◆ What this task involves:
Only the count is wanted here: how many lines of the entries hold the string "Prop"?
• • • •
(* Folding condition (1) forces the two edges to be inverse, and condition (2)
   puts the connecting element into the image of the edge group [B_f]. *)
Lemma folded_backtrack f f' b' c : folded B ->
  so f' = st f -> Bv B (st f) b' -> emap B f' = sinv (emap B f) ->
  gin (Ae (emap B f)) c ->
  gmul (Av (vmap B (st f))) (gmul (Av (vmap B (st f))) (fw B f) b') (fa B f')
    = omega (emap B f) c ->
  f' = sinv f /\ exists c', Bedge A B f c' /\ b' = omegaB A B f c'.
Proof.
  intros [F1 F2] Hso Hb He Hc Hw.
  pose proof (fa_in A B f') as Hfa. rewrite Hso in Hfa.
  assert (Hf' : f' = sinv f).
  { apply NNPP. intros Hne. apply F1.
    exists (sinv f), f', (ginv (Av (vmap B (st f))) b'), c.
    split; [auto|]. split; [auto|]. split; [rewrite emap_inv; auto|].
    split; [rewrite emap_inv, Ae_inv; auto|]. split.
    - apply (Bv_sub A B (st f)); auto.
    - rewrite fa_inv, emap_inv. change (alpha (sinv (emap B f)) c) with (omega (emap B f) c).
      rewrite <- Hw. unfold st in *. gsimpl. reflexivity. }
  subst f'. split; [reflexivity|].
  assert (Hpo : preim_omega A B f c).
  { split; auto. exists b'. split; auto.
    rewrite <- Hw, fa_inv. unfold st in *. gsimpl. reflexivity. }
  assert (Hpa : preim_alpha A B f c).
  { apply NNPP. intros Hn. apply F2. exists f. intros Hall. apply Hn, Hall, Hpo. }
  exists c. split; [split; auto|].
  unfold omegaB. rewrite <- Hw, fa_inv. unfold st in *. gsimpl. reflexivity.
Qed.

Lemma mu_reduced q : folded B -> forall pre, bvalid B q -> breduced B q ->
  areduced A (mu_from A B pre q).
Proof.
  intros Hfold.
  unfold bvalid; induction q as [ub b | b f q' IH]; intros pre Hq Hred; simpl in *; auto.
  destruct Hq as [Hb [Hq' Hq]]. destruct Hred as [Hred Hnot]. split; [apply IH; auto|].
  destruct q' as [u b' | b' f' q'']; simpl in *; auto.
  intros [He [c [Hc Hw]]]. destruct Hq as [Hb' _].
  rewrite Hq' in Hw, Hb'.
  destruct (folded_backtrack f f' b' c Hfold Hq' Hb' He Hc Hw) as [-> Hc'].
  apply Hnot. auto.
Qed.

Lemma mrel_Some_twist q : forall p x u, bvalid B q ->
  gin (Av (vmap B (qs q))) x -> gin (Av (vmap B (qs q))) u ->
  (mrel B (Some (gmul (Av (vmap B (qs q))) x u)) p q <->
   twist A x (mu_from A B (Some u) q) p).
Proof.
  unfold bvalid; induction q as [ub b | b f q' IH]; intros p x u Hq Hx Hu;
    destruct p as [v a | a e r]; simpl in *; try tauto.
  - split; intros [<- ->]; split; auto; gsimpl; reflexivity.
  - destruct Hq as [Hb [Hq' Hq]].
    split; intros [<- [c [Hc [-> Hm]]]]; split; auto; exists c; split; auto;
      rewrite emap_o; (split; [gsimpl; reflexivity|]);
      assert (Hx' : gin (Av (vmap B (qs q'))) (ginv (Av (st (emap B f))) (omega (emap B f) c)))
        by (rewrite Hq', <- st_emap; gmem);
      assert (Hu' : gin (Av (vmap B (qs q'))) (fw B f)) by (rewrite Hq'; gmem);
      pose proof (IH r _ _ Hq Hx' Hu') as IHr; rewrite Hq', <- st_emap in IHr; tauto.
Qed.

Lemma mrel_None_twist_eq q p : bvalid B q -> (mrel B None p q <-> twist_eq A (mu B q) p).
Proof.
  unfold bvalid, twist_eq, mu; destruct q as [ub b | b f q']; intros Hq;
    destruct p as [v a | a e r]; simpl in *; try tauto.
  - split; intros [<- ->]; split; auto; gsimpl; reflexivity.
  - destruct Hq as [Hb [Hq' Hq]].
    split; intros [<- [c [Hc [-> Hm]]]]; split; auto; exists c; split; auto;
      rewrite emap_o; (split; [gsimpl; reflexivity|]);
      assert (Hx' : gin (Av (vmap B (qs q'))) (ginv (Av (st (emap B f))) (omega (emap B f) c)))
        by (rewrite Hq', <- st_emap; gmem);
      assert (Hu' : gin (Av (vmap B (qs q'))) (fw B f)) by (rewrite Hq'; gmem);
      pose proof (mrel_Some_twist q' r _ _ Hq Hx' Hu') as Hiff;
      rewrite Hq', <- st_emap in Hiff; tauto.
Qed.

End FoldedAGraph.

Theorem mainTheorem10 (A : graph_of_groups) (B : agraph A) (p : apath A) :
  folded B -> avalid A p -> areduced A p ->
  ((exists q : bpath B, bvalid B q /\ breduced B q /\ aequiv A p (mu B q)) <->
   (exists q : bpath B, bvalid B q /\ breduced B q /\ mrel B None p q)).
Proof.
  intros Hfold Hv Hr.
  split; intros [q [Hq [Hqr H]]]; exists q; do 2 (split; [assumption|]).
  - apply mrel_None_twist_eq; auto.
    apply twist_eq_sym; auto.
    apply aequiv_reduced_twist_eq; auto.
    apply mu_reduced; auto.
  - apply rst_sym, twist_eq_aequiv.
    + apply mu_valid; auto.
    + apply mrel_None_twist_eq; auto.
Qed.
(* Let $n$ be a positive integer and let $A(n)=(a_{ij})$, $p=p(n)$, $pp=pp(n)$, $b(n)$ be as in the context. Let $m\ge 1$ be an integer such that $\overline{p}=pm$ satisfies $\lfloor \overline{p}/2\rfloor> b(n)$, put $r=\lfloor\overline{p}/2\rfloor$, let $v$ be an integer with $v\ge pp+\overline{p}$, and let $B=(b_{ij})_{1\le i,j\le\overline{p}}$ be the $\overline{p}\times\overline{p}$ matrix with $b_{ij}=a_{v+i,v+j}$ if $i-r\le j\le i+r$; $b_{ij}=a_{v+i,v+j-\overline{p}}$ if $j>i+r$; $b_{ij}=a_{v+i,v+j+\overline{p}}$ if $j<i-r$. Then every row of $B$ contains exactly $n+1$ ones.
   Context: $\mathbb{N}=\{1,2,3,\dots\}$. Fix a positive integer $n$. The infinite $\{0,1\}$-matrix $A(n)=(a_{ij})_{i,j\in\mathbb{N}}$ is defined recursively. Its entries are determined row by row (row $1$ first), and within each row from left to right, so that $a_{kl}$ is determined after all $a_{ij}$ with $i<k$ and all $a_{kj}$ with $j<l$. One sets $a_{kl}=1$ if and only if all of the following hold: (1) $\sum_{j<l}a_{kj}<n+1$; (2) $\sum_{i<k}a_{il}<n+1$; (3) there is no pair $(i,j)$ with $1\le i<k$, $1\le j<l$ and $a_{ij}=a_{il}=a_{kj}=1$. Otherwise $a_{kl}=0$. The matrix $A(n)$ is eventually periodic along the diagonal: there exist $c\ge0$, $q\ge1$ with $a_{i+q,j+q}=a_{ij}$ for all $i>c$, $j\ge1$. The period $p=p(n)$ is the smallest $q\ge1$ for which such a $c$ exists, and the preperiod $pp=pp(n)$ is the smallest $c\ge 0$ with $a_{i+p,j+p}=a_{ij}$ for all $i>c$, $j\ge 1$. Define $b(n)=\max\{|j-i| : i,j\ge1,\ a_{ij}=1,\ i>pp(n)\}$. *)

From mathcomp Require Import all_boot.
Set Implicit Arguments. Unset Strict Implicit. Unset Printing Implicit Defensive.

(* Indices are 1-based; entries at index 0 are never used (they evaluate to false). *)

(* decide n A k l s : value of a_{k l}, where A i j gives a_{ij} for all i < k,
   and s = [:: a_{k,1}; ...; a_{k,l-1}].  The three conjuncts are conditions
   (1) sum_{j<l} a_{kj} < n+1, (2) sum_{i<k} a_{il} < n+1, and (3) there is no
   (i,j) with 1 <= i < k, 1 <= j < l and a_{ij} = a_{il} = a_{kj} = 1. *)
Definition decide (n : nat) (A : nat -> nat -> bool) (k l : nat) (s : seq bool) : bool :=
  [&& count id s < n.+1,
      count (fun i => A i l) (iota 1 k.-1) < n.+1 &
      ~~ has (fun i => has (fun j => [&& A i j, A i l & nth false s j.-1])
                           (iota 1 l.-1))
             (iota 1 k.-1)].

Fixpoint rowpref (n : nat) (A : nat -> nat -> bool) (k l : nat) : seq bool :=
  match l with
  | 0 => [::]
  | l'.+1 => let s := rowpref n A k l' in rcons s (decide n A k l s)
  end.

Definition lookup (T : seq (seq bool)) (i j : nat) : bool :=
  nth false (nth [::] T i.-1) j.-1.

(* the first k rows of A(n), each truncated to its first w entries;
   since a_{kl} only depends on entries a_{ij} with i <= k, j <= l,
   this is exactly the top-left k x w block of A(n) *)
Fixpoint tab (n w k : nat) : seq (seq bool) :=
  match k with
  | 0 => [::]
  | k'.+1 => let P := tab n w k' in rcons P (rowpref n (lookup P) k'.+1 w)
  end.

Definition a (n i j : nat) : bool :=
  let N := maxn i j in lookup (tab n N N) i j.

Definition periodic_from (n q c : nat) : Prop :=
  forall i j, c < i -> 1 <= j -> a n (i + q) (j + q) = a n i j.

Definition is_period (n p : nat) : Prop :=
  [/\ 1 <= p, (exists c, periodic_from n p c)
    & forall q, 1 <= q -> (exists c, periodic_from n q c) -> p <= q].

Definition is_preperiod (n p pp : nat) : Prop :=
  periodic_from n p pp /\ forall c, periodic_from n p c -> pp <= c.

Definition absdiff (i j : nat) : nat := maxn i j - minn i j.

Definition is_bmax (n pp bn : nat) : Prop :=
  (exists i j, [/\ 1 <= i, 1 <= j, a n i j, pp < i & absdiff j i = bn]) /\
  (forall i j, 1 <= i -> 1 <= j -> a n i j -> pp < i -> absdiff j i <= bn).

Definition Bmat (n pbar v i j : nat) : bool :=
  let r := pbar./2 in
  if (i <= j + r) && (j <= i + r) then a n (v + i) (v + j)
  else if i + r < j then a n (v + i) (v + j - pbar)
  else a n (v + i) (v + j + pbar).

From mathcomp Require Import all_boot zify.
Set Implicit Arguments. Unset Strict Implicit. Unset Printing Implicit Defensive.

(* Every row of A(n) contains exactly n+1 ones: a row can only run out of
   admissible columns while it has fewer than n+1 ones if rows above still
   have ones far to the right, and by induction the rows above have finite
   support.  Row i of B lists the entries of row v+i of A(n) in the pbar
   columns congruent to v+1, ..., v+pbar modulo pbar that lie in a window of
   width pbar around the diagonal entry (v+i, v+i).  Since v+i > pp, all ones
   of that row are within b(n) < r of the diagonal, hence inside the window,
   so row i of B has exactly n+1 ones. *)

Section Recurrence.
Variable n : nat.

Lemma eq_decide A A' k l s : 1 <= l ->
  (forall i j, 1 <= i < k -> 1 <= j <= l -> A i j = A' i j) ->
  decide n A k l s = decide n A' k l s.
Proof.
move=> l_gt0 eqA; rewrite /decide.
rewrite (@eq_in_count _ _ (fun i => A' i l)); last first.
  by move=> i; rewrite mem_iota -subn1 => i_lt; apply: eqA; lia.
congr [&& _, _ & ~~ _]; apply: eq_in_has => i; rewrite mem_iota -subn1 => i_lt.
apply: eq_in_has => j; rewrite mem_iota -subn1 => j_lt.
by rewrite !eqA //; lia.
Qed.

Lemma size_rowpref A k l : size (rowpref n A k l) = l.
Proof. by elim: l => //= l IHl; rewrite size_rcons IHl. Qed.

Lemma nth_rowpref A k l l' j : j < l <= l' ->
  nth false (rowpref n A k l') j = nth false (rowpref n A k l) j.
Proof.
case/andP=> lt_jl; elim: l' => [|l' IHl'] le_ll'; first by lia.
have [lt_l'l | le_ll''] := ltnP l' l; first by have -> : l = l'.+1 by lia.
by rewrite /= nth_rcons size_rowpref (leq_trans lt_jl le_ll'') IHl'.
Qed.

Lemma eq_rowpref A A' k l :
  (forall i j, 1 <= i < k -> 1 <= j <= l -> A i j = A' i j) ->
  rowpref n A k l = rowpref n A' k l.
Proof.
elim: l => //= l IHl eqA.
rewrite IHl; last by move=> i j i_lt j_le; apply: eqA; lia.
by rewrite (@eq_decide A A' k l.+1).
Qed.

Lemma size_tab w k : size (tab n w k) = k.
Proof. by elim: k => //= k IHk; rewrite size_rcons IHk. Qed.

Lemma nth_tab_last w k : nth [::] (tab n w k.+1) k = rowpref n (lookup (tab n w k)) k.+1 w.
Proof. by rewrite /= nth_rcons size_tab ltnn eqxx. Qed.

Lemma lookup_tab_rows w k k' i j : 1 <= i <= k -> k <= k' ->
  lookup (tab n w k') i j = lookup (tab n w k) i j.
Proof.
move=> /andP[i_gt0 le_ik] le_kk'; rewrite /lookup; congr (nth false _ _).
elim: k' le_kk' => [|k' IHk'] le_kk'; first by lia.
have [lt_k'k | le_kk''] := ltnP k' k; first by have -> : k = k'.+1 by lia.
by rewrite /= nth_rcons size_tab ifT ?IHk' //; lia.
Qed.

Lemma lookup_tab_width k w w' i j : 1 <= i <= k -> 1 <= j <= minn w w' ->
  lookup (tab n w k) i j = lookup (tab n w' k) i j.
Proof.
elim: k i j => [|k IHk] i j i_le j_le; first by lia.
have [lt_ik | ge_ik] := ltnP i k.+1.
  by rewrite !(@lookup_tab_rows _ k k.+1) //; [apply: IHk | ..]; lia.
have -> : i = k.+1 by lia.
rewrite /lookup !nth_tab_last.
rewrite (@nth_rowpref _ _ j w) ?(@nth_rowpref _ _ j w'); try lia.
by congr (nth false _ _); apply: eq_rowpref => i' j' *; apply: IHk; lia.
Qed.

Lemma a_lookup_tab w k i j : 1 <= i <= k -> 1 <= j <= w -> a n i j = lookup (tab n w k) i j.
Proof.
move=> i_le j_le; rewrite /a.
rewrite -(@lookup_tab_rows _ _ (maxn (maxn i j) k)); try lia.
rewrite (@lookup_tab_width _ _ w); try lia.
by apply: lookup_tab_rows; lia.
Qed.

Lemma a_decide k l : 1 <= k -> 1 <= l ->
  a n k l = decide n (a n) k l (map (a n k) (iota 1 l.-1)).
Proof.
case: k => // k _; case: l => // l _.
rewrite (@a_lookup_tab l.+1 k.+1) ?leqnn // /lookup nth_tab_last /=.
rewrite nth_rcons size_rowpref ltnn eqxx.
have -> : rowpref n (lookup (tab n l.+1 k)) k.+1 l = map (a n k.+1) (iota 1 l).
  apply: (@eq_from_nth _ false); first by rewrite size_rowpref size_map size_iota.
  move=> j; rewrite size_rowpref => lt_jl.
  rewrite (nth_map 0) ?size_iota // nth_iota // (@a_lookup_tab l.+1 k.+1); try lia.
  by rewrite /lookup nth_tab_last add1n (@nth_rowpref _ _ l l.+1) //; lia.
by apply: eq_decide => // i j *; rewrite (@a_lookup_tab l.+1 k); lia.
Qed.

End Recurrence.

Section RowCount.
Variable n : nat.

Lemma count_a_iotaS k l :
  count (a n k) (iota 1 l.+1) = count (a n k) (iota 1 l) + a n k l.+1.
Proof. by rewrite -(addn1 l) iotaD count_cat /= add1n addn0 addn1. Qed.

Lemma count_a_le k l : 1 <= k -> count (a n k) (iota 1 l) <= n.+1.
Proof.
move=> k_gt0; elim: l => // l IHl; rewrite count_a_iotaS.
case akl: (a n k l.+1); last by rewrite addn0.
by move: akl; rewrite a_decide // /decide count_map addn1 => /andP[].
Qed.

(* Once the rows above row k have no ones from column M on, condition (3)
   is void and condition (2) holds there, so row k fills up greedily. *)
Lemma count_a_fill k M : 1 <= k -> 1 <= M ->
    (forall i l, 1 <= i < k -> M <= l -> a n i l = false) ->
  forall t, minn n.+1 t <= count (a n k) (iota 1 (M + t)).
Proof.
move=> k_gt0 M_gt0 above0; elim=> [|t IHt]; first by rewrite minn0.
rewrite addnS count_a_iotaS.
have [c_lt | c_ge] := ltnP (count (a n k) (iota 1 (M + t))) n.+1; last by lia.
suff -> : a n k (M + t).+1 by lia.
rewrite a_decide //= /decide count_map c_lt /=.
apply/andP; split.
  by rewrite (@eq_in_count _ _ pred0) ?count_pred0 // => i;
     rewrite mem_iota -subn1 => i_lt; apply: above0; lia.
apply/hasPn => i; rewrite mem_iota -subn1 => i_lt; apply/hasPn => j _.
by rewrite (above0 i (M + t).+1) ?andbF //; lia.
Qed.

Lemma a_bounded_support k : exists2 M, 1 <= M &
  forall i l, 1 <= i <= k -> M <= l -> a n i l = false.
Proof.
elim: k => [|k [M M_gt0 IHk]]; first by exists 1 => // i l; lia.
exists (M + n.+2) => [|i l i_le l_ge]; first by lia.
have [lt_ik | ge_ik] := ltnP i k.+1; first by apply: IHk; lia.
have -> : i = k.+1 by lia.
have above0 i' l' : 1 <= i' < k.+1 -> M <= l' -> a n i' l' = false.
  by move=> i'_lt; apply: IHk; lia.
have filled := count_a_fill (ltn0Sn k) M_gt0 above0 (l.-1 - M).
apply/negbTE/negP; rewrite a_decide //; last by lia.
rewrite /decide count_map => /andP[c_lt _].
have {}c_lt : count (a n k.+1) (iota 1 l.-1) < n.+1 := c_lt.
move: filled; have -> : M + (l.-1 - M) = l.-1 by lia.
lia.
Qed.

Lemma count_a_row k : 1 <= k ->
  exists M, forall L, M <= L -> count (a n k) (iota 1 L) = n.+1.
Proof.
move=> k_gt0; have [M M_gt0 supp] := a_bounded_support k.-1.
have above0 i l : 1 <= i < k -> M <= l -> a n i l = false.
  by move=> i_lt; apply: supp; lia.
exists (M + n.+1) => L le_L.
have := count_a_fill k_gt0 M_gt0 above0 (L - M).
have := count_a_le L k_gt0; have -> : M + (L - M) = L by lia.
lia.
Qed.

End RowCount.

Lemma eq_count_uniq (T : eqType) (P : pred T) (s1 s2 : seq T) :
  uniq s1 -> uniq s2 -> (forall x, P x -> (x \in s1) = (x \in s2)) ->
  count P s1 = count P s2.
Proof.
move=> s1_uniq s2_uniq eq_s; rewrite -!size_filter; apply: perm_size.
apply: uniq_perm; rewrite ?filter_uniq // => x; rewrite !mem_filter.
by case Px: (P x) => //=; apply: eq_s.
Qed.

(* a n k 0 is a junk value (it equals a n k 1), hence the positivity of s. *)
Lemma count_a_cover n k (s : seq nat) : 1 <= k -> uniq s -> all (leq 1) s ->
  (forall j, 1 <= j -> a n k j -> j \in s) -> count (a n k) s = n.+1.
Proof.
move=> k_gt0 s_uniq s_pos s_cover; have [M countM] := count_a_row n k_gt0.
rewrite -(countM (maxn M (\max_(j <- s) j))) ?leq_maxl //.
apply: eq_count_uniq => // [|j akj]; first exact: iota_uniq.
rewrite mem_iota; apply/idP/idP => [j_in | /andP[j_gt0 _]]; last exact: s_cover.
have := @leq_bigmax_seq _ s xpredT id j j_in isT.
have := allP s_pos j j_in; rewrite /= add1n ltnS; lia.
Qed.

Lemma sum_nat_count (T : Type) (P : pred T) (s : seq T) :
  \sum_(x <- s) (P x : nat) = count P s.
Proof. by rewrite -sum1_count [RHS]big_mkcond; apply: eq_bigr => x _; case: (P x). Qed.

Definition Bcol (pb v i j : nat) : nat :=
  if (i <= j + pb./2) && (j <= i + pb./2) then v + j
  else if i + pb./2 < j then v + j - pb else v + j + pb.

Lemma Bmat_Bcol n pb v i j : Bmat n pb v i j = a n (v + i) (Bcol pb v i j).
Proof. by rewrite /Bmat /Bcol /=; case: ifP => //; case: ifP. Qed.

Lemma half_addnn_leq k : k./2 + k./2 <= k.
Proof. by rewrite addnn -{2}(odd_double_half k) leq_addl. Qed.

Lemma BcolP pb v i j :
  [\/ [/\ i <= j + pb./2, j <= i + pb./2 & Bcol pb v i j = v + j],
      i + pb./2 < j /\ Bcol pb v i j = v + j - pb
    | j + pb./2 < i /\ Bcol pb v i j = v + j + pb].
Proof.
rewrite /Bcol; case: ifP => [/andP[le1 le2] | /negbT not_mid].
  by apply: Or31; split.
case: ifP => [lt_j | /negbT not_lt_j]; first by apply: Or32.
by apply: Or33; split => //; lia.
Qed.

Section Window.
Variables pb v i : nat.
Hypothesis le_pb_v : pb <= v.
Hypothesis i_in : 1 <= i <= pb.
Local Notation r := pb./2.

Lemma Bcol_gt0 j : 1 <= j -> 0 < Bcol pb v i j.
Proof. by move=> j_gt0; case: (BcolP pb v i j) => [[_ _ ->] | [_ ->] | [_ ->]]; lia. Qed.

Lemma Bcol_inj : {in iota 1 pb &, injective (Bcol pb v i)}.
Proof.
move=> j1 j2; rewrite !mem_iota => j1_in j2_in.
by case: (BcolP pb v i j1) (BcolP pb v i j2)
   => [[? ? ->] | [? ->] | [? ->]]
   [[? ? ->] | [? ->] | [? ->]]; lia.
Qed.

Lemma Bcol_window x : v + i < x + r -> x < v + i + r ->
  x \in map (Bcol pb v i) (iota 1 pb).
Proof.
move=> lo hi; have r2 := half_addnn_leq pb.
have [le_xv | lt_vx] := leqP x v.
  apply/mapP; exists (x + pb - v); first by rewrite mem_iota; lia.
  by case: (BcolP pb v i (x + pb - v)) => [[? ? ->] | [? ->] | [? ->]]; lia.
have [le_x | lt_x] := leqP x (v + pb).
  apply/mapP; exists (x - v); first by rewrite mem_iota; lia.
  by case: (BcolP pb v i (x - v)) => [[? ? ->] | [? ->] | [? ->]]; lia.
apply/mapP; exists (x - v - pb); first by rewrite mem_iota; lia.
by case: (BcolP pb v i (x - v - pb)) => [[? ? ->] | [? ->] | [? ->]]; lia.
Qed.

End Window.

Theorem theorem4p1 (n p pp bn m v : nat) :
  0 < n ->
  is_period n p ->
  is_preperiod n p pp ->
  is_bmax n pp bn ->
  1 <= m ->
  bn < (p * m)./2 ->
  pp + p * m <= v ->
  forall i, 1 <= i <= p * m ->
    \sum_(1 <= j < (p * m).+1) (Bmat n (p * m) v i j : nat) = n.+1.
Proof.
move=> _ _ _ [_ bn_max] _ bn_lt_r le_v i i_in.
set pb := p * m in bn_lt_r le_v i_in *.
have le_pb_v : pb <= v by lia.
have row_gt0 : 1 <= v + i by lia.
rewrite /index_iota subSS subn0.
under eq_bigr do rewrite Bmat_Bcol.
rewrite -(big_map (Bcol pb v i) xpredT (fun x => a n (v + i) x : nat)) sum_nat_count.
apply: count_a_cover => //.
- by rewrite map_inj_in_uniq ?iota_uniq //; apply: Bcol_inj.
- by apply/allP => x /mapP[j]; rewrite mem_iota => /andP[j_gt0 _] ->; apply: Bcol_gt0.
- move=> x x_gt0 ax.
  have near : absdiff x (v + i) <= bn by apply: bn_max => //; lia.
  by apply: Bcol_window => //; move: near; rewrite /absdiff; lia.
Qed.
• • • •
◆ Reply to the exercise:
4